(* Let $(R,\delta_R^* )$ be an iterative $q$-difference ring which is an integral domain, and let $S\subset R$ be a multiplicatively closed subset with $0\notin S$ and $\sigma_q(S)\subseteq S$. Then there exists a unique iterative $q$-difference operator $\delta_{S^{-1}R}^*$ on $S^{-1}R$ extending $\delta_R^*$.
   Context: Let $C$ be an algebraically closed field and $q\in C$, $q\ne1$. Let $F=C(t)$ with the automorphism $\sigma_q(f(t))=f(qt)$. $\binom{r}{k}_q$ is the value at $q$ of the Gaussian polynomial $\prod_{i=1}^{k}\frac{1-x^{r-i+1}}{1-x^{i}}\in\mathbb Z[x]$. An iterative $q$-difference ring is a commutative $F$-algebra $R$ with a ring automorphism $\sigma_q$ extending that of $F$ together with an iterative $q$-difference operator, i.e. a family $\delta_R^*=(\delta_R^{(k)})_{k\in\mathbb N}$ of maps $R\to R$ such that for all $a,b\in R$, $i,j,k\in\mathbb N$: $\delta_R^{(0)}=\mathrm{id}$; $\delta_R^{(1)}=\frac{\sigma_q-\mathrm{id}}{(q-1)t}$; $\delta_R^{(k)}$ is additive; $\delta_R^{(k)}(ab)=\sum_{i+j=k}\sigma_q^i(\delta_R^{(j)}(a))\delta_R^{(i)}(b)$; $\delta_R^{(i)}\circ\delta_R^{(j)}=\binom{i+j}{i}_q\delta_R^{(i+j)}$. (On $S^{-1}R$, $\sigma_q$ is extended by $\sigma_q(a/s)=\sigma_q(a)/\sigma_q(s)$.) *)

From HB Require Import structures.
From mathcomp Require Import all_boot all_order all_algebra.
Set Implicit Arguments. Unset Strict Implicit. Unset Printing Implicit Defensive.
Import Order.TTheory GRing.Theory Num.Theory.
Local Open Scope ring_scope.
From mathcomp Require Import fraction generic_quotient.

Notation "x %:F" := (@FracField.tofrac _ x) : ring_scope.

(* Extension of a map f : R -> R to the fraction field of R, by
   f(a/b) := f(a)/f(b), computed on the canonical representative of the class.
   (Well defined, i.e. independent of the representative, when f is an
   injective ring morphism.) *)
Definition frac_lift (R : idomainType) (f : R -> R) (x : {fraction R})
  : {fraction R} :=
  let r := repr x in (f \n_r)%:F / (f \d_r)%:F.

Notation ratfun C := {fraction {poly C}}.

Definition sigma_poly (C : closedFieldType) (q : C) (p : {poly C}) : {poly C} :=
  p \Po (q *: 'X).
Definition sigmaF (C : closedFieldType) (q : C) : ratfun C -> ratfun C :=
  frac_lift (sigma_poly q).

Definition qm1t (C : closedFieldType) (q : C) : ratfun C :=
  ((q - 1) *: 'X)%:F.

(* Gaussian polynomial prod_{i=1}^k (1 - x^(r-i+1)) / (1 - x^i) in Z[x]
   (the division is exact; the divisor has unit leading coefficient) *)
Definition gauss_poly (r k : nat) : {poly int} :=
  (\prod_(1 <= i < k.+1) (1 - 'X^(r.+1 - i)))
    %/ (\prod_(1 <= i < k.+1) (1 - 'X^i)).

Definition qbinom (C : closedFieldType) (q : C) (r k : nat) : C :=
  (map_poly (fun z : int => z%:~R) (gauss_poly r k)).[q].

(* Iterative q-difference operator d on the subring D of the commutative
   ring A, where A is an F-algebra via phi and sig is the automorphism
   (restricted to D). *)
Definition is_iter_qdiff (C : closedFieldType) (q : C) (A : comNzRingType)
    (D : A -> Prop) (phi : ratfun C -> A) (sig : A -> A)
    (d : nat -> A -> A) : Prop :=
  [/\ (forall k a, D a -> D (d k a)),
      (forall a, D a -> d 0%N a = a)
    & (forall a, D a -> d 1%N a = (sig a - a) * phi (qm1t q)^-1)] /\
  [/\ (forall k a b, D a -> D b -> d k (a + b) = d k a + d k b),
      (forall k a b, D a -> D b ->
          d k (a * b) = \sum_(i < k.+1) iter i sig (d (k - i)%N a) * d i b)
    & (forall i j a, D a ->
          d i (d j a) = phi ((qbinom q (i + j) i)%:P)%:F * d (i + j)%N a)].

(* S^{-1}R, realized (R being a domain and 0 \notin S) as the subring
   { a/s : a in R, s in S } of the fraction field of R *)
Definition loc (R : idomainType) (S : pred R) (x : {fraction R}) : Prop :=
  exists a s, s \in S /\ x = a%:F / s%:F.

From HB Require Import structures.
From mathcomp Require Import all_boot all_order all_algebra.
From mathcomp Require Import fraction generic_quotient.
From mathcomp Require Import ring zify.
From Stdlib Require Import FunctionalExtensionality.
Set Implicit Arguments.
Unset Strict Implicit.
Unset Printing Implicit Defensive.
Import GRing.Theory.
Local Open Scope ring_scope.

(* Record an operator through its Taylor sequences k |-> delta^(k) a.  The
   product rule says that a |-> (delta^(k) a)_k is multiplicative into the
   sequences over Frac(R) with the sigma-twisted convolution product, in which
   every sequence with nonzero constant term is cancellable and divides every
   other one.  For x = a/s the rule forces taylor(s) * delta(x) = taylor(a);
   this gives uniqueness, and taking it as a definition gives an operator
   satisfying the product rule, the rules for delta^(0), delta^(1) and
   additivity, and preserving S^-1 R since only the sigma^k(s) get inverted.
   Iterativity delta^(i) delta^(j) = c_ij delta^(i+j) on fractions follows by
   induction on i + j: for x = a/u, the defect of u x = a is a combination of
   the defects of x at smaller indices plus the defect at (i, j) times
   sigma^(i+j)(u), plus a linear form in the Taylor row (delta^(k) x)_(k<=i+j)
   that vanishes on the Taylor rows of ring elements.  Multiplication by u acts
   on Taylor rows by an invertible triangular matrix, so by Cayley-Hamilton the
   Taylor row of a/u is a linear combination of Taylor rows of the u^k a, and
   the linear form vanishes on it too. *)

Section IterMorphism.
Variables (K : nzRingType) (s : {rmorphism K -> K}) (n : nat).

Lemma iter_is_zmod_morphism : zmod_morphism (iter n s).
Proof. by elim: n => // m IH x y /=; rewrite IH rmorphB. Qed.

Lemma iter_is_monoid_morphism : monoid_morphism (iter n s).
Proof. by split=> [|x y]; elim: n => //= m ->; rewrite ?rmorph1 ?rmorphM. Qed.

HB.instance Definition _ :=
  GRing.isZmodMorphism.Build K K (iter n s) iter_is_zmod_morphism.
HB.instance Definition _ :=
  GRing.isMonoidMorphism.Build K K (iter n s) iter_is_monoid_morphism.

End IterMorphism.

Section FracLift.
Variables (R : idomainType) (f : {rmorphism R -> R}).
Hypothesis f_inj : injective f.
Local Notation K := {fraction R}.

Lemma rmorph_inj_eq0 (a : R) : (f a == 0) = (a == 0).
Proof. by rewrite -{1}(rmorph0 f) (inj_eq f_inj). Qed.

Lemma frac_numden (x : K) : x = (\n_(repr x))%:F / (\d_(repr x))%:F.
Proof.
have d0 : (\d_(repr x))%:F != 0 :> K by rewrite tofrac_eq0 denom_ratioP.
apply: (mulIf d0); rewrite divfK // -[x in x * _]reprK /GRing.mul /= !piE.
apply/eqmodP; rewrite /= FracField.equivfE /FracField.mulf /=.
by rewrite !numden_Ratio ?mulf_neq0 ?oner_eq0 ?denom_ratioP // !mulr1 mulrC.
Qed.

Lemma frac_repr (x : K) : exists a b, b != 0 /\ x = a%:F / b%:F.
Proof. by exists \n_(repr x), \d_(repr x); rewrite denom_ratioP -frac_numden. Qed.

Lemma eq_frac (a b c d : R) : b != 0 -> d != 0 ->
  (a%:F / b%:F == c%:F / d%:F :> K) = (a * d == c * b).
Proof. by move=> b0 d0; rewrite eqr_div ?tofrac_eq0 // -!tofracM tofrac_eq. Qed.

Lemma frac_lift_frac (a b : R) : b != 0 ->
  frac_lift f (a%:F / b%:F) = (f a)%:F / (f b)%:F.
Proof.
move=> b0; rewrite /frac_lift; set x := a%:F / b%:F.
have d0 := denom_ratioP (repr x).
have : x == (\n_(repr x))%:F / (\d_(repr x))%:F by rewrite -frac_numden.
rewrite eq_frac // => /eqP ad.
by apply/eqP; rewrite eq_frac ?rmorph_inj_eq0 // -!rmorphM ad.
Qed.

Lemma frac_lift_tofrac (a : R) : frac_lift f a%:F = (f a)%:F.
Proof.
by rewrite -[a%:F]divr1 -tofrac1 frac_lift_frac ?oner_eq0 // rmorph1 tofrac1 divr1.
Qed.

Lemma frac_lift_is_zmod_morphism : zmod_morphism (frac_lift f).
Proof.
move=> x y; have [a [b [b0 ->]]] := frac_repr x; have [c [d [d0 ->]]] := frac_repr y.
rewrite -mulNr -tofracN addf_div ?tofrac_eq0 // -!tofracM -tofracD.
rewrite !frac_lift_frac ?mulf_neq0 // -mulNr -tofracN.
by rewrite addf_div ?tofrac_eq0 ?rmorph_inj_eq0 // !rmorphD !rmorphM rmorphN.
Qed.

Lemma frac_lift_is_monoid_morphism : monoid_morphism (frac_lift f).
Proof.
split=> [|x y]; first by rewrite -tofrac1 frac_lift_tofrac rmorph1.
have [a [b [b0 ->]]] := frac_repr x; have [c [d [d0 ->]]] := frac_repr y.
by rewrite mulf_div -!tofracM !frac_lift_frac ?mulf_neq0 // mulf_div !rmorphM.
Qed.

End FracLift.

Section TwistedProduct.
Variables (K : fieldType) (sigma : {rmorphism K -> K}).

Definition tmul (u v : nat -> K) : nat -> K :=
  fun k => \sum_(i < k.+1) iter i sigma (u (k - i)%N) * v i.

Lemma tmulA u v w : tmul u (tmul v w) = tmul (tmul u v) w.
Proof.
apply: functional_extensionality => k; rewrite /tmul.
pose T i l := iter l sigma (u (k - l)%N) * (iter i sigma (v (l - i)%N) * w i).
transitivity (\sum_(i < k.+1) \sum_(l < k.+1 | (i <= l)%N) T i l).
  under eq_bigr => l _ do rewrite mulr_sumr (big_ord_widen k.+1 (T^~ l) (ltn_ord l)).
  by rewrite (exchange_big_dep xpredT).
apply: eq_bigr => i _.
have -> : \sum_(l < k.+1 | (i <= l)%N) T i l = \sum_(i <= l < k.+1) T i l.
  by rewrite big_geq_mkord.
rewrite -{1}[val i]add0n big_addn big_mkord (@subSn i k (ltn_ord i)).
rewrite (rmorph_sum (iter i sigma)) mulr_suml; apply: eq_bigr => l _.
by rewrite /T addnK (rmorphM (iter i sigma)) [(l + i)%N]addnC subnDA iterD mulrA.
Qed.

Lemma tmulDr u v w :
  tmul u (fun n => v n + w n) = fun k => tmul u v k + tmul u w k.
Proof.
apply: functional_extensionality => k; rewrite -big_split.
by apply: eq_bigr => i _; rewrite mulrDr.
Qed.

Lemma tmulI u : u 0%N != 0 -> injective (tmul u).
Proof.
move=> u0 v w E; apply: functional_extensionality => k; elim/ltn_ind: k => k IH.
have := congr1 (fun f => f k) E; rewrite /tmul !big_ord_recr /= subnn.
under eq_bigr => i _ do rewrite IH //.
by move/addrI/mulfI; apply; rewrite fmorph_eq0.
Qed.

(* Forward substitution: [tdiv_upto b u k] holds the coefficients of index
   at most [k] of the solution of [tmul u v = b]. *)
Fixpoint tdiv_upto (b u : nat -> K) (k : nat) : nat -> K :=
  if k is k'.+1 then
    let v := tdiv_upto b u k' in
    fun n => if n == k then
       (b k - \sum_(i < k) iter i sigma (u (k - i)%N) * v i) / iter k sigma (u 0%N)
     else v n
  else fun=> b 0%N / u 0%N.

Definition tdiv (b u : nat -> K) : nat -> K := fun n => tdiv_upto b u n n.

Lemma tdiv_uptoE b u k n : (n <= k)%N -> tdiv_upto b u k n = tdiv b u n.
Proof.
elim: k => [|k IH] nk; first by move: nk; rewrite leqn0 => /eqP ->.
rewrite /=; case: eqP => [->|/eqP nk1]; first by rewrite /tdiv /= eqxx.
by apply: IH; rewrite -ltnS ltn_neqAle nk1.
Qed.

Lemma tdivS b u k : tdiv b u k.+1 =
  (b k.+1 - \sum_(i < k.+1) iter i sigma (u (k.+1 - i)%N) * tdiv b u i)
    / iter k.+1 sigma (u 0%N).
Proof.
rewrite {1}/tdiv /= eqxx; congr ((_ - _) / _).
by apply: eq_bigr => i _; rewrite tdiv_uptoE // -ltnS.
Qed.

Lemma tdivK b u : u 0%N != 0 -> tmul u (tdiv b u) = b.
Proof.
move=> u0; apply: functional_extensionality => -[|k]; rewrite /tmul.
  by rewrite big_ord1 subnn /tdiv /= mulrC divfK.
rewrite big_ord_recr /= subnn tdivS mulrC divfK ?fmorph_eq0 //.
by rewrite addrC subrK.
Qed.

End TwistedProduct.

Lemma solve_leibniz1 (F : fieldType) (a s sa ss c y : F) : s != 0 -> ss != 0 ->
  (ss - s) * c * (a / s) + ss * y = (sa - a) * c -> y = (sa / ss - a / s) * c.
Proof.
move=> s0 ss0 /(canRL (addKr _)) h; apply: (mulfI ss0); rewrite h.
by field; rewrite s0 ss0.
Qed.

Section Extension.
Variables (R : idomainType) (sig : {rmorphism R -> R}).
Hypothesis sig_inj : injective sig.
Local Notation K := {fraction R}.
Local Notation sK := (frac_lift sig).

HB.instance Definition _ :=
  GRing.isZmodMorphism.Build K K sK (frac_lift_is_zmod_morphism sig_inj).
HB.instance Definition _ :=
  GRing.isMonoidMorphism.Build K K sK (frac_lift_is_monoid_morphism sig_inj).

Lemma iter_frac_lift_tofrac i a : iter i sK a%:F = (iter i sig a)%:F.
Proof. by elim: i => //= i ->; rewrite frac_lift_tofrac. Qed.

Variables (dR : nat -> R -> R) (iota : R).
Hypothesis dR0 : forall a, dR 0 a = a.
Hypothesis dR1 : forall a, dR 1 a = (sig a - a) * iota.
Hypothesis dRD : forall k a b, dR k (a + b) = dR k a + dR k b.
Hypothesis dRM : forall k a b,
  dR k (a * b) = \sum_(i < k.+1) iter i sig (dR (k - i)%N a) * dR i b.

Definition taylor (a : R) : nat -> K := fun k => (dR k a)%:F.

Lemma taylor_coef0 a : taylor a 0 = a%:F.
Proof. by rewrite /taylor dR0. Qed.

Lemma taylor_coef0_eq0 a : (taylor a 0 == 0) = (a == 0).
Proof. by rewrite taylor_coef0 tofrac_eq0. Qed.

Lemma taylorM a b : taylor (a * b) = tmul sK (taylor a) (taylor b).
Proof.
apply: functional_extensionality => k; rewrite /taylor dRM rmorph_sum.
by apply: eq_bigr => i _; rewrite rmorphM /= iter_frac_lift_tofrac.
Qed.

Lemma taylor_tmulI a : a != 0 -> injective (tmul sK (taylor a)).
Proof. by rewrite -taylor_coef0_eq0; apply: tmulI. Qed.

(* delta on fractions, read off the product rule for x = n/d. *)
Definition taylorF (x : K) : nat -> K :=
  tdiv sK (taylor \n_(repr x)) (taylor \d_(repr x)).

Lemma taylorF_frac a s : s != 0 ->
  tmul sK (taylor s) (taylorF (a%:F / s%:F)) = taylor a.
Proof.
move=> s0; rewrite /taylorF; set x := a%:F / s%:F.
set n := \n_(repr x); set d := \d_(repr x).
have d0 : d != 0 := denom_ratioP _.
have : x == n%:F / d%:F by rewrite -frac_numden.
rewrite eq_frac // => /eqP ad.
apply: (taylor_tmulI d0).
rewrite tmulA -taylorM mulrC taylorM -tmulA tdivK ?taylor_coef0_eq0 //.
by rewrite -!taylorM mulrC -ad mulrC.
Qed.
(* The canonical collection $\mathcal{S}$ consists of actively connected vertex sets and satisfies: (i) for every $S\in\mathcal{S}$, the tree $T_S$ connects the vertices in $S$; (ii) $\mathcal{S}$ is agreeable with respect to $y$.
   Context: Steiner Forest: finite undirected graph $G=(V,E)$ with non-negative edge costs $(c_e)_{e\in E}$ and a set $\mathcal{D}$ of demand pairs $\{a,b\}\subseteq V$ (partners); feasible solutions are $F\subseteq E$ with each demand pair in one connected component of $(V,F)$, of cost $c(F)=\sum_{e\in F}c_e$. $\mathrm{OPT}$ is a fixed optimal solution that is inclusionwise minimal (no cost-$0$ edge can be omitted keeping feasibility). For $U\subseteq V$, $\delta(U)$ is the set of edges with exactly one endpoint in $U$; $U$ separates $S$ if $S\cap U\ne\emptyset$ and $S\setminus U\ne\emptyset$. The $\varepsilon$-extended moat-growing algorithm (fixed $\varepsilon\ge0$): time $t$ increases continuously from $0$ at unit rate; it maintains tight edges $F$ (initially empty), duals $y_S(t)\ge0$ (initially $0$), and budgets of components (initially $0$). $\mathcal{C}^t$ is the family of vertex sets of connected components of $(V,F)$. A component is demand-active if it contains a vertex not connected in $(V,F)$ to some partner; budget-active if not demand-active but with positive budget; active if either; $\mathcal{A}^t$ is the set of active components. Each $y_S$, $S\in\mathcal{A}^t$, grows at unit rate; budgets of demand-active components grow at rate $\varepsilon$ and of budget-active ones decrease at rate $1$; an edge $e$ with $\sum_{S:e\in\delta(S)}y_S(t)=c_e$ becomes tight and is added to $F$; merging components add budgets. $y_S=y_S(\infty)$; $\mathcal{U}_{\mathrm{sep}}$ is the set of $U\in\mathrm{supp}(y)$ separating some demand pair. The deactivation time $\tau_v$ of $v$ is the largest $t$ such that for all $s<t$, $v$ lies in a set of $\mathcal{A}^s$. Vertices $u,v$ are actively connected if for some $t$ they lie in a common set of $\mathcal{C}^t$ and $\tau_u,\tau_v\ge t$; this is an equivalence relation and a set is actively connected if contained in one equivalence class. A demand pair $\{a,b\}$ is satisfied by a vertex set $S$ if $\{a,b\}\subseteq S$, and by a collection if by some member. A collection $\mathcal{S}$ of vertex sets is agreeable (w.r.t. $y$) if (A1) every $S\in\mathcal{S}$ is a subset of the vertex set of some connected component of $\mathrm{OPT}$, with at most one $S\in\mathcal{S}$ per connected component of $\mathrm{OPT}$, and (A2) whenever two demand pairs are both separated by some $U\in\mathrm{supp}(y)$, either both or none of them are satisfied by $\mathcal{S}$. Canonical collection: start with a family $\mathcal{F}$ in which each tree (connected component) of $\mathrm{OPT}$ is its own forest; for each $U\in\mathcal{U}_{\mathrm{sep}}$, merge (take the union of vertex and edge sets of) all forests of $\mathcal{F}$ that connect some demand pair separated by $U$ into a single forest. For each $F\in\mathcal{F}$ let $r_F$ be a vertex of $F$ with maximum deactivation time; for each connected component $T$ of $F$, let $S$ be the set of vertices of $T$ actively connected to $r_F$; if $S\ne\emptyset$, add $S$ to $\mathcal{S}$ and let $T_S$ be the minimal subtree of $T$ connecting $S$. *)

From HB Require Import structures.
From mathcomp Require Import all_boot all_order all_algebra.
From mathcomp Require Import reals.
Set Implicit Arguments. Unset Strict Implicit. Unset Printing Implicit Defensive.
Import Order.TTheory GRing.Theory Num.Theory.
Local Open Scope ring_scope.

Directions — Search the entries above for "combination". Show every line that has it.

Answer box —
   induction on i + j: for x = a/u, the defect of u x = a is a combination of
   Taylor row of a/u is a linear combination of Taylor rows of the u^k a, and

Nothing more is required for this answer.